Seriously, grow up & stop with the hijacking & bumping up of other peoples' old threads. The only person it's making look bad is _you_


----------



## blade100 (Aug 24, 2009)

What the hell is going on? Why wobbles are you dragging up old threads and posting? No one can read what you've put it's all just dots. 
 :sosp::huh::blink:


----------



## simplysardonic (Sep 1, 2009)

blade100 said:


> What the hell is going on? Why wobbles are you dragging up old threads and posting? No one can read what you've put it's all just dots.
> :sosp::huh::blink:


The posts are being deleted, one by one


----------



## blade100 (Aug 24, 2009)

To cover up all that she has said in the past! Hide the evidence. Maybe to re register at a later date?? Hmmmmm


----------



## we love bsh's (Mar 28, 2011)

blade100 said:


> To cover up all that she has said in the past! Hide the evidence. Maybe to re register at a later date?? Hmmmmm


Why dots though when you can delete the post?


----------



## Wobbles (Jun 2, 2011)

we love bsh's said:


> Why dots though when you can delete the post?
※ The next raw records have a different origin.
(* Let $\lambda,\mu$ be integral partitions with $\lambda\neq\mu$, and suppose $\|\lambda\|_p=\|\mu\|_p$ for some real $p$ with $1<p<\infty$. Then $\lambda^{\times n}\not\hookrightarrow\mu^{\times n}$ for every positive integer $n$.
   Context: An integral partition is a finite nonincreasing sequence of positive integers (equality means equality as multisets of entries). For $p\in[1,\infty)$, $\|\lambda\|_p=(\sum_i\lambda_i^p)^{1/p}$. The product $\lambda\times\mu$ of $\lambda=[\lambda_1,\ldots,\lambda_m]$ and $\mu=[\mu_1,\ldots,\mu_n]$ is the partition whose entries are all products $\lambda_i\mu_j$ ($1\le i\le m$, $1\le j\le n$), reordered nonincreasingly; $\lambda^{\times n}$ is the $n$-fold product $\lambda\times\cdots\times\lambda$. $\lambda$ embeds into $\mu$, written $\lambda\hookrightarrow\mu$, if there is a map $\varphi:\{1,\ldots,m\}\to\{1,\ldots,n\}$ with $\sum_{i\in\varphi^{-1}(j)}\lambda_i\le\mu_j$ for all $j$. *)

From Stdlib Require Import Reals.
From mathcomp Require Import all_boot.
Set Implicit Arguments. Unset Strict Implicit. Unset Printing Implicit Defensive.

Definition is_partition (l : seq nat) : bool :=
  all (fun x => 0 < x) l && sorted geq l.

(* Rpower x y = exp (y * ln x) is only meaningful for x > 0; the sum is
   positive unless l is empty, whose norm is 0. *)
Definition pnorm (p : R) (l : seq nat) : R :=
  if l is [::] then R0 else Rpower (foldr (fun x acc => Rplus (Rpower (INR x) p) acc) R0 l) (Rinv p).

Definition pprod (l m : seq nat) : seq nat :=
  sort geq [seq x * y | x <- l, y <- m].

(* n-fold product l^{x n} (used for n >= 1; l^{x 1} = pprod l [::1] = l for a partition). *)
Definition ppow (l : seq nat) (n : nat) : seq nat := iter n (pprod l) [:: 1].

Definition embeds (l m : seq nat) : Prop :=
  exists phi : 'I_(size l) -> 'I_(size m),
    forall j : 'I_(size m), \sum_(i < size l | phi i == j) nth 0 l i <= nth 0 m j.

(* Since [x |-> x ^ p] is strictly superadditive for [p > 1], under an
   embedding [l -> m] the p-th powers of the entries of [l] sent to an entry
   [y] of [m] sum to at most [y ^ p], with equality only when exactly one
   entry, equal to [y], is sent there.  The p-th power sums are multiplicative
   under the product of partitions, so those of [lam^n] and [mu^n] agree; hence
   an embedding [lam^n -> mu^n] would make [lam^n] a rearrangement of [mu^n].
   The integral power sums of a multiset of naturals determine it, and those of
   [lam^n] are the n-th powers of those of [lam], so [lam] would be a
   rearrangement of [mu], hence equal to it as both are sorted. *)

From Stdlib Require Import Reals Lra.
From HB Require Import structures.
From mathcomp Require Import all_boot zify.

Set Implicit Arguments.
Unset Strict Implicit.

Lemma sorted_geq_perm_eq (s t : seq nat) :
  sorted geq s -> sorted geq t -> perm_eq s t -> s = t.
Proof.
apply: sorted_eq => [x y z xy yz | x y xy]; first exact: leq_trans yz xy.
by apply: anti_leq; rewrite andbC.
Qed.

Lemma all_pos_pprod (l m : seq nat) :
  all (fun x => 0 < x) l -> all (fun x => 0 < x) m -> all (fun x => 0 < x) (pprod l m).
Proof.
move=> /allP l_pos /allP m_pos; rewrite /pprod all_sort.
by apply/allP => _ /allpairsP[[x y] /= [xl ym ->]]; rewrite muln_gt0 l_pos ?m_pos.
Qed.

Lemma all_pos_ppow (l : seq nat) n :
  all (fun x => 0 < x) l -> all (fun x => 0 < x) (ppow l n).
Proof. by move=> l_pos; elim: n => //= n; apply: all_pos_pprod. Qed.

Lemma big_pprod (R : Type) (zero : R) (times : Monoid.mul_law zero)
    (plus : Monoid.add_law zero times) (g : nat -> R) (l m : seq nat) :
  {in l & m, forall x y, g (x * y) = times (g x) (g y)} ->
  \big[plus/zero]_(z <- pprod l m) g z =
    times (\big[plus/zero]_(x <- l) g x) (\big[plus/zero]_(y <- m) g y).
Proof.
move=> gM; rewrite /pprod (perm_big _ (permEl (perm_sort _ _))).
rewrite big_allpairs_dep big_distrlr; apply: eq_big_seq => x xl.
by apply: eq_big_seq => y ym; apply: gM.
Qed.

Section Fibers.

Variables (l m : seq nat) (phi : 'I_(size l) -> 'I_(size m)).

Definition fiber (j : 'I_(size m)) : seq 'I_(size l) :=
  [seq i <- index_enum 'I_(size l) | phi i == j].

Lemma big_fibers (R : Type) (idx : R) (op : Monoid.com_law idx) (G : nat -> R) :
  \big[op/idx]_(x <- l) G x =
    \big[op/idx]_(j < size m) \big[op/idx]_(i <- fiber j) G (nth 0 l i).
Proof.
rewrite (big_nth 0) big_mkord (partition_big phi xpredT) //.
by apply: eq_bigr => j _; rewrite big_filter.
Qed.

Lemma perm_eq_singleton_fibers :
  (forall j, exists2 i, fiber j = [:: i] & nth 0 l i = nth 0 m j) -> perm_eq l m.
Proof.
move=> fiber1; apply/permP => a; rewrite -!sumn_count !sumnE !big_map.
rewrite big_fibers (big_nth 0 (r := m)) big_mkord; apply: eq_bigr => j _.
by have [i -> <-] := fiber1 j; rewrite big_seq1.
Qed.

End Fibers.

Definition power_sum (t : nat) (s : seq nat) : nat := \sum_(x <- s) x ^ t.

Lemma power_sum_ppow t (l : seq nat) n : power_sum t (ppow l n) = power_sum t l ^ n.
Proof.
elim: n => [|n IHn]; first by rewrite /power_sum big_seq1 exp1n.
rewrite expnS -IHn /= /power_sum big_pprod // => x y _ _; exact: expnMn.
Qed.

Lemma bernoulli_expn a t : a ^ t * (a + t) <= a * (a + 1) ^ t.
Proof.
elim: t => [|t IHt]; first by rewrite !expn0; lia.
rewrite !expnS [X in _ <= X]mulnCA.
apply: leq_trans (leq_mul (leqnn (a + 1)) IHt); nia.
Qed.

(* Bernoulli with [a = M - 1], [t = N * M], then divide by [M]. *)
Lemma expn_pred_lt N M : 0 < M -> N * (M - 1) ^ (N * M) < M ^ (N * M).
Proof.
move=> M_gt0; rewrite -(ltn_pmul2r M_gt0) [X in _ < X]mulnC.
have := bernoulli_expn (M - 1) (N * M); rewrite subnK //.
have : (M - 1) * M ^ (N * M) < M * M ^ (N * M) by rewrite ltn_pmul2r ?expn_gt0 ?M_gt0; lia.
nia.
Qed.

Lemma expn_muln_gt0 N M : 0 < M ^ (N * M).
Proof. by rewrite expn_gt0 muln_eq0 lt0n orbCA orNb orbT. Qed.

Lemma power_sum_lt_expn N M s :
  size s <= N -> {in s, forall x, x < M} -> power_sum (N * M) s < M ^ (N * M).
Proof.
case: s => [|x s] size_s lt_M.
  by rewrite /power_sum big_nil expn_muln_gt0.
have M_gt0 : 0 < M := leq_ltn_trans (leq0n x) (lt_M x (mem_head x s)).
have t_gt0 : 0 < N * M by rewrite muln_gt0 M_gt0 andbT (leq_trans _ size_s).
apply: leq_ltn_trans _ (@expn_pred_lt N M M_gt0).
rewrite /power_sum; apply: leq_trans (leq_mul size_s (leqnn _)).
rewrite -sum1_size big_distrl /= !big_seq leq_sum // => y y_in.
by rewrite mul1n leq_exp2r //; have := lt_M y y_in; lia.
Qed.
ipad wouldn't let me delete only edit. Im not reposting old threads, Im deleting my old ones, and no not to hide any evidence that would assume I had something to hide, and I've done nothing wrong. I'm doing it my own way. Why would I post on here again? Even when I had problems with my rabbit last week and one of my hamsters now, I wouldn't post on here ( no offence meant to most members who are lovely and helpful).


----------



## koekemakranka (Aug 2, 2010)

Stop it and go away


----------